◆ **Task to carry out**: Somewhere below, one line contains "else if orb" and a later line contains "exists v : nat". Output those two lines and everything between them exactly, and nothing else.

◆ **Supplied data**:
********

(* Let $\Delta\ge3$ and $k\ge2$, and let $X$ be the $k\times k$ symmetric tridiagonal matrix with diagonal entries $0,\dots,0,2$ (zeros in positions $1,\dots,k-1$ and $2$ in position $k$), off-diagonal entries in positions $(j,j+1),(j+1,j)$ equal to $\sqrt{\Delta-1}$ for $1\le j\le k-2$, and equal to $\sqrt{\Delta-2}$ for $j=k-1$. If $\Delta\ge4$, or $\Delta=3$ and $k\ge4$, then \[ \rho(X)<2\sqrt{\Delta-1}\cos\frac{\pi}{2k+1}, \] where $\rho(X)$ is the spectral radius of $X$. *)

From Stdlib Require Import Reals Lra Lia Arith ClassicalEpsilon.
Open Scope R_scope.

Fixpoint rsum (n : nat) (f : nat -> R) : R :=
  match n with
  | O => 0
  | S m => rsum m f + f m
  end.

(* The tridiagonal matrix X (0-based indices 0..k-1):
   diagonal: 0 except the last entry (index k-1) which is 2;
   entries (i,i+1),(i+1,i): sqrt(Delta-1) if i+1 <= k-2, sqrt(Delta-2) if i+1 = k-1;
   all other entries 0. *)
Definition Xmat (Delta k : nat) (i j : nat) : R :=
  if Nat.eqb i j then (if Nat.eqb i (k - 1) then 2 else 0)
  else if orb (Nat.eqb j (S i)) (Nat.eqb i (S j)) then
    (if Nat.eqb (Nat.max i j) (k - 1) then sqrt (INR Delta - 2)
     else sqrt (INR Delta - 1))
  else 0.

Definition is_eigenvalue (k : nat) (M : nat -> nat -> R) (lambda : R) : Prop :=
  exists v : nat -> R,
    (exists i, (i < k)%nat /\ v i <> 0) /\
    forall i, (i < k)%nat -> rsum k (fun j => M i j * v j) = lambda * v i.

Definition spectral_radius (k : nat) (M : nat -> nat -> R) : R :=
  epsilon (inhabits 0)
    (is_lub (fun r => exists lambda, is_eigenvalue k M lambda /\ r = Rabs lambda)).

From Stdlib Require Import Reals Lra Lia ClassicalEpsilon.
Open Scope R_scope.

********

◆ **Written solution**:
  else if orb (Nat.eqb j (S i)) (Nat.eqb i (S j)) then
    (if Nat.eqb (Nat.max i j) (k - 1) then sqrt (INR Delta - 2)
     else sqrt (INR Delta - 1))
  else 0.

Definition is_eigenvalue (k : nat) (M : nat -> nat -> R) (lambda : R) : Prop :=
  exists v : nat -> R,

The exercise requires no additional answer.